Comme l'écrit le journaliste Martin Jay, nous n'avons jamais vécu précédemment un tel moment de tension, de point de bascule, entre, d'une part, un pouvoir d'Etat disposant de moyens inédits d'espionnage des citoyens et de contrôle de l'information et, d'autre part, un quatrième pouvoir en recherche de nouveaux modèles pour assurer sa survie. Symboliquement, Assange, le premier, a anticipé cette époque. Sa réponse, Wikileaks, ainsi que les plateformes similaires qui s'ensuivront, valent autant pour leur remarquable travail d'archivage et d'organisation de l'information que pour leur salutaire, mais fragile, vocation de contre-pouvoir. L'arrestation récente d'Assange ouvre un nouveau chapitre de cette histoire.

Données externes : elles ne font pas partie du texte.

Lemma mode_prod_rank_tensor :
  mode_prod (rank_tensor alpha y) A =1
  rank_tensor alpha (fun l k => replace_factor j (A *m y j k) (fun l => y l k) l).
Proof.
move=> i'; rewrite /mode_prod /rank_tensor /outer /replace_factor.
have val_sub_idx t l : val (sub_idx i' t l) = if l == j then val t else val (i' l).
  by rewrite /sub_idx ffunE.
have sub_idx_j t : sub_idx i' t j = t by apply: val_inj; rewrite val_sub_idx eqxx.
have sub_idx_neq k t l : l != j -> y l k (sub_idx i' t l) 0 =
    (\col_(t0 < upd n j m l) (if l == j then vget (A *m y j k) t0 else vget (y l k) t0))
      (i' l) 0.
  by move=> lj; rewrite mxE (negbTE lj) -vget_ord val_sub_idx (negbTE lj).
under eq_bigr => t _ do rewrite mulr_suml.
rewrite exchange_big; apply: eq_bigr => k _.
rewrite [in RHS](bigD1 j) //= mxE eqxx /vget (insubT (fun t => t < m)%N (j_idx_proof i')) mxE.
under eq_bigr => t _ do rewrite (bigD1 j) //= sub_idx_j.
under eq_bigr => t _ do under eq_bigr => l lj do rewrite (sub_idx_neq k t l lj).
by rewrite mulr_suml mulr_sumr; apply: eq_bigr => t _; ring.
Qed.

Lemma tnorm_mode_prod_subr :
  tnorm (mode_prod (rank_tensor alpha y) A) ^+ 2 - tnorm (rank_tensor alpha y) ^+ 2 =
  \sum_(k < r) \sum_(h < r) alpha k * (alpha h)^* *
    ((vdot (A *m y j k) (A *m y j h) - vdot (y j k) (y j h)) *
     \prod_(l < d | l != j) vdot (y l k) (y l h)).
Proof.
have -> : tnorm (mode_prod (rank_tensor alpha y) A) ^+ 2 =
    tdot (rank_tensor alpha (fun l k => replace_factor j (A *m y j k) (fun l => y l k) l))
         (rank_tensor alpha (fun l k => replace_factor j (A *m y j k) (fun l => y l k) l)).
  by rewrite tnorm_sqr; apply: eq_bigr => i _; rewrite mode_prod_rank_tensor.
rewrite tnorm_sqr !tdot_rank_tensor -sumrB; apply: eq_bigr => k _.
rewrite -sumrB; apply: eq_bigr => h _.
rewrite (bigD1 j) //= vdot_replace_factor_eq (bigD1 j (P := xpredT)) //=.
under eq_bigr => l lj do rewrite vdot_replace_factor_neq //.
by ring.
Qed.
(* Let $U,V$ be disjoint finite sets, ${\bf s}\in\mathbb N^U$, ${\bf t}\in\mathbb N^V$, ${\bf d}=({\bf s},{\bf t})$, and let $\mathcal B({\bf s},{\bf t})$ be a uniformly random bipartite graph on $U\cup V$ with degree sequence ${\bf d}$. Let $H_1,H_2$ be two edge-disjoint bipartite graphs on $U\cup V$ with ${\bf d}^{H_1}\le{\bf d}$ componentwise, and let $uv\in(U\times V)\setminus(H_1\cup H_2)$. Define \[\xi=\frac{J({\bf d})+\Delta({\bf d})(1+\Delta(H_2))+(d_u-d_u^{H_1})(d_v-d_v^{H_1})}{M-e(H_1)}+\frac{e(H_2)\Delta({\bf s})\Delta({\bf t})}{(M-e(H_1))^2}.\] If $\xi=o(1)$, then \[\mathbb P\big(uv\in\mathcal B({\bf s},{\bf t})\,\big|\,H_1\subseteq\mathcal B({\bf s},{\bf t}),\ H_2\cap\mathcal B({\bf s},{\bf t})=\emptyset\big)=\frac{(d_u-d_u^{H_1})(d_v-d_v^{H_1})}{M-e(H_1)}\big(1+O(\xi)\big).\]
   Context: $d_w$ denotes the prescribed degree of vertex $w$ (so $d_w=s_w$ for $w\in U$, $d_w=t_w$ for $w\in V$), ${\bf d}^{H}$ and $d^{H}_w$ denote the degree sequence of $H$ and the degree of $w$ in $H$, $e(H)$ and $\Delta(H)$ the number of edges and maximum degree of $H$, and $\Delta(\cdot)$ of a sequence its maximum entry. With entries ordered decreasingly, $s_1\ge s_2\ge\cdots$ and $t_1\ge t_2\ge\cdots$, $M=M({\bf d})=\sum_{u\in U}s_u=\sum_{v\in V}t_v$ and $J({\bf d})=\sum_{i=1}^{s_1}t_i+\sum_{j=1}^{t_1}s_j$. *)

From HB Require Import structures.
From mathcomp Require Import all_boot all_order all_algebra.
From mathcomp Require Import reals.
Set Implicit Arguments. Unset Strict Implicit. Unset Printing Implicit Defensive.
Import Order.TTheory GRing.Theory Num.Theory.

Section Bip.
Variables U V : finType.

Definition degU (G : {set U * V}) (u : U) : nat := #|[set v : V | (u, v) \in G]|.
Definition degV (G : {set U * V}) (v : V) : nat := #|[set u : U | (u, v) \in G]|.

Definition realizes (s : U -> nat) (t : V -> nat) (G : {set U * V}) : bool :=
  [forall u, degU G u == s u] && [forall v, degV G v == t v].

Definition maxf (T : finType) (f : T -> nat) : nat := \max_(x : T) f x.

Definition Delta_d (s : U -> nat) (t : V -> nat) : nat := maxn (maxf s) (maxf t).

Definition Delta_H (G : {set U * V}) : nat :=
  maxn (maxf (degU G)) (maxf (degV G)).

Definition Msum (s : U -> nat) : nat := \sum_(u : U) s u.

Definition sorted_desc (T : finType) (f : T -> nat) : seq nat :=
  sort geq [seq f x | x <- enum T].

(* J(d) = sum_{i=1}^{s_1} t_i + sum_{j=1}^{t_1} s_j *)
Definition Jd (s : U -> nat) (t : V -> nat) : nat :=
  sumn (take (maxf s) (sorted_desc t)) + sumn (take (maxf t) (sorted_desc s)).

Definition cond_space (s : U -> nat) (t : V -> nat) (H1 H2 : {set U * V}) :
  {set {set U * V}} :=
  [set G : {set U * V} | [&& realizes s t G, H1 \subset G & H2 :&: G == set0]].

Variable R : realType.

(* P(uv ∈ B(s,t) | H1 ⊆ B(s,t), H2 ∩ B(s,t) = ∅) for the uniform measure *)
Definition cond_prob (s : U -> nat) (t : V -> nat) (H1 H2 : {set U * V})
  (u : U) (v : V) : R :=
  (#|[set G in cond_space s t H1 H2 | (u, v) \in G]|%:R
     / #|cond_space s t H1 H2|%:R)%R.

Aujourd'hui, seuls une dizaine de pays de l'UE (France, Hongrie, Irlande, Italie, Lituanie, Malte, Pays-Bas, Slovaquie, Suède et Royaume-Uni) protègent correctement les lanceurs d'alerte. La nouvelle directive européenne relative à ceux qui ont le courage de révéler un scandale politique, économique ou sanitaire devra encore être formellement approuvée par le Conseil de l'UE dans les mois à venir. Dès lors, une attention au respect et à la mise en place de ces dispositions devrait être une importante préoccupation du prochain gouvernement. Il y va de qui détiendra le leadership de l'information et, par-delà, du poids que nous accordons ou non à notre liberté de nous informer et de développer notre esprit critique.